PRC1 antibodies can be instrumental in establishing the mechanistic links between cytokinesis abnormalities and cancer progression through this multi-dimensional research approach:

• Tumor sample analysis protocol:

  • Comparative tissue microarray analysis using PRC1 antibodies (1:50-1:500 dilution)

  • Correlation of PRC1 expression levels with clinical parameters (tumor grade, stage, patient outcomes)

  • Multivariate analysis to establish PRC1 as an independent prognostic factor

  • Research evidence: PRC1 acts as an oncogene promoting bladder cancer cell proliferation, inhibiting apoptosis, and driving carcinogenic progression

• Cell-based mechanistic studies:

  • Generate stable cell lines with inducible PRC1 overexpression or depletion

  • Track cytokinesis completion rates using time-lapse microscopy

  • Quantify multinucleation as a marker of cytokinesis failure

  • Assess genomic instability markers (micronuclei, aneuploidy)

  • Documented finding: PRC1 depletion leads to failed cytokinesis without affecting nuclear division

• Molecular pathways investigation:

  • Analyze PRC1's interactions with oncogenic signaling pathways using co-immunoprecipitation

  • Study phosphorylation status using phospho-specific antibodies

  • Investigate cross-talk with cell cycle regulators (cyclins, CDKs)

  • Research shows: PRC1 serves as a substrate for cyclin-dependent kinases, including Cdc2 and Cdk2

• In vivo tumor models assessment:

  • Generate xenograft models with PRC1-modulated cancer cells

  • Monitor tumor growth, invasion, and metastasis

  • Perform immunohistochemical analysis of tumor sections

  • Correlate cytokinesis defects with metastatic potential

This approach can reveal how dysregulation of PRC1, a key regulator of cytokinesis, contributes to genomic instability—a hallmark of cancer that drives tumor progression and therapeutic resistance.
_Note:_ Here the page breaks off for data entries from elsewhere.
(* With c = tau - 1/4, the substitution u = y + x^3 + 1/2 maps the affine points
   of y^2 = x^6 + x^3 + tau injectively to the points of 2 u x^3 = u^2 - u - c
   with u <> 0.  All but at most two of these lie in triples (u, x), (u, w x),
   (u, w^2 x), w a primitive cube root of unity, so there are at least l such
   triples.  Evaluate the functions a(u) + x u b(u), with deg a <= t and
   deg b < t, at the points of l triples.  On a triple such a function is affine
   in x, so any two of its values determine the third: this gives locality 2.
   The norm 2 a^3 + (u^2 - u - c) u^2 b^3 of the function along a triple is a
   nonzero polynomial of degree at most 3t + 1, because its two summands have
   degrees in different classes mod 3; it vanishes to order 3 at the u where a
   and b both vanish and to order at least 1 at every other u carrying a zero,
   so a nonzero codeword has at most 3t + 1 zeros. *)

Lemma sum_mup_lt_size (F : fieldType) (q : {poly F}) (s : seq F) :
  q != 0 -> uniq s -> (\sum_(z <- s) mup z q < size q)%N.
Proof.
elim: s q => [|z s IHs] q qN0 /=; first by rewrite big_nil size_poly_gt0.
case/andP=> zNs Us; rewrite big_cons.
have [m [r]] := multiplicity_XsubC q z; rewrite qN0 /= => rNz def_q.
have rN0 : r != 0 by apply: contraNneq rNz => ->; rewrite root0.
have XzmN0 : ('X - z%:P) ^+ m != 0 by rewrite expf_neq0 ?polyXsubC_eq0.
have -> : mup z q = m by rewrite def_q mupMr // mup_XsubCX eqxx.
have -> : (\sum_(y <- s) mup y q = \sum_(y <- s) mup y r)%N.
  rewrite !big_seq; apply: eq_bigr => y ys.
  rewrite def_q mupM // mup_XsubCX.
  by case: eqP => [zy | _]; [move: zNs; rewrite zy ys | rewrite addn0].
have := IHs r rN0 Us.
by rewrite def_q size_Mmonic ?monic_exp ?monicXsubC // size_exp_XsubC; lia.
Qed.

Lemma card_roots_lt_size (F : finFieldType) (p : {poly F}) :
  p != 0 -> (#|[set z | root p z]| < size p)%N.
Proof.
move=> pN0; rewrite cardE; apply: max_poly_roots => //; last exact: enum_uniq.
by apply/allP => z; rewrite mem_enum inE.
Qed.

Lemma scale_cube_add_mul_cube_neq0 (R : idomainType) (d : R) (g a b : {poly R}) :
  ~~ (3 %| (size g).-1)%N -> d != 0 -> (a != 0) || (b != 0) ->
  d *: a ^+ 3 + g * b ^+ 3 != 0.
Proof.
move=> g3 dN0 abN0; have gN0 : g != 0 by apply: contraNneq g3 => ->; rewrite size_poly0.
apply/eqP => /eqP; rewrite addr_eq0 => /eqP E.
have [a0 | aN0] := eqVneq a 0.
  move: E; rewrite a0 expr0n scaler0 => /eqP; rewrite eq_sym oppr_eq0.
  rewrite mulf_eq0 (negbTE gN0) expf_eq0 /= => /eqP b0.
  by move: abN0; rewrite a0 b0 eqxx.
have [b0 | bN0] := eqVneq b 0.
  move: E; rewrite b0 expr0n /= mulr0 oppr0 => /eqP.
  by rewrite scale_poly_eq0 (negbTE dN0) expf_eq0 (negbTE aN0) andbF.
move/(congr1 (fun p : {poly R} => (size p).-1)): E.
rewrite size_polyN size_scale // size_exp size_mul ?expf_neq0 //.
have := size_exp b 3; have := size_poly_gt0 g; have := size_poly_gt0 (b ^+ 3).
rewrite gN0 expf_neq0 //; move: g3; lia.
Qed.

Lemma affine_eq0_of_two_zeros (R : idomainType) (A B x1 x2 : R) :
  x1 != x2 -> A + x1 * B = 0 -> A + x2 * B = 0 -> A = 0 /\ B = 0.
Proof.
move=> x12 z1 z2.
have : (x1 - x2) * B = (A + x1 * B) - (A + x2 * B) by ring.
rewrite z1 z2 subrr => /eqP; rewrite mulf_eq0 subr_eq0 (negbTE x12) /= => /eqP B0.
by split => //; move: z1; rewrite B0 mulr0 addr0.
Qed.

Lemma finField_prim_root (F : finFieldType) (m : nat) :
  (m %| #|F|.-1)%N -> exists w : F, m.-primitive_root w.
Proof.
move=> m_dvd; have F_gt1 : (1 < #|F|)%N := card_finNzRing_gt1 F.
have n_gt0 : (0 < #|F|.-1)%N by lia.
have units1 : all #|F|.-1.-unity_root (enum (predC1 (0 : F))).
  apply/allP => z; rewrite mem_enum /= => zN0; rewrite unity_rootE.
  have := expf_card z; rewrite -(ltn_predK F_gt1) exprS => zq.
  by apply/eqP/(mulfI zN0); rewrite zq mulr1.
have := has_prim_root n_gt0 units1 (enum_uniq _).
rewrite -cardE cardC1 leqnn => /(_ isT) /hasP[w _ w_prim].
by exists (w ^+ (#|F|.-1 %/ m)); apply: dvdn_prim_root.
Qed.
What are the methodological considerations for investigating PRC1 post-translational modifications in different cellular contexts?

When investigating PRC1 post-translational modifications across cellular contexts, implement these methodological considerations:

• Modification-specific detection strategies:

  • Phosphorylation analysis: Use phospho-specific antibodies (e.g., anti-PRC1 phospho-Thr-481)

  • Site-directed mutagenesis: Generate phospho-mimetic (Thr→Glu) or phospho-deficient (Thr→Ala) mutants

  • Validation approach: Treatment with phosphatases (Cdc14A or CIAP) to confirm specificity

  • Experimental evidence shows that α-PRC1P specifically recognizes Cdk-phosphorylated PRC1 but not phosphatase-treated PRC1

• Cell cycle-dependent modification analysis:

  • Synchronization protocols: Double thymidine block or nocodazole arrest

  • Time-course studies: Sample collection at defined cell cycle stages

  • Validated finding: Unphosphorylated PRC1 forms oligomers via its N-terminal domain, while Cdk phosphorylation negatively affects oligomer formation

• Tissue-specific modification patterns:

  • Compare modification patterns across:

    • Primary cells vs. cell lines

    • Normal vs. cancer tissues

    • Different stem cell populations

  • Technical approach: Parallel immunoprecipitation followed by mass spectrometry

• Functional consequences assessment:

  • Structure-function analysis using modified vs. unmodified PRC1

  • Microtubule binding assays with recombinant proteins

  • Rescue experiments with phospho-mimetic or phospho-deficient mutants

  • Research has demonstrated that expression of EYFP-PRC1ΔC in cells lacking endogenous PRC1 rescues mitotic and cytokinetic defects

This methodological framework has revealed that phosphorylation status critically regulates PRC1 function by modulating its oligomeric state, which directly affects its ability to bundle microtubules during different cell cycle phases.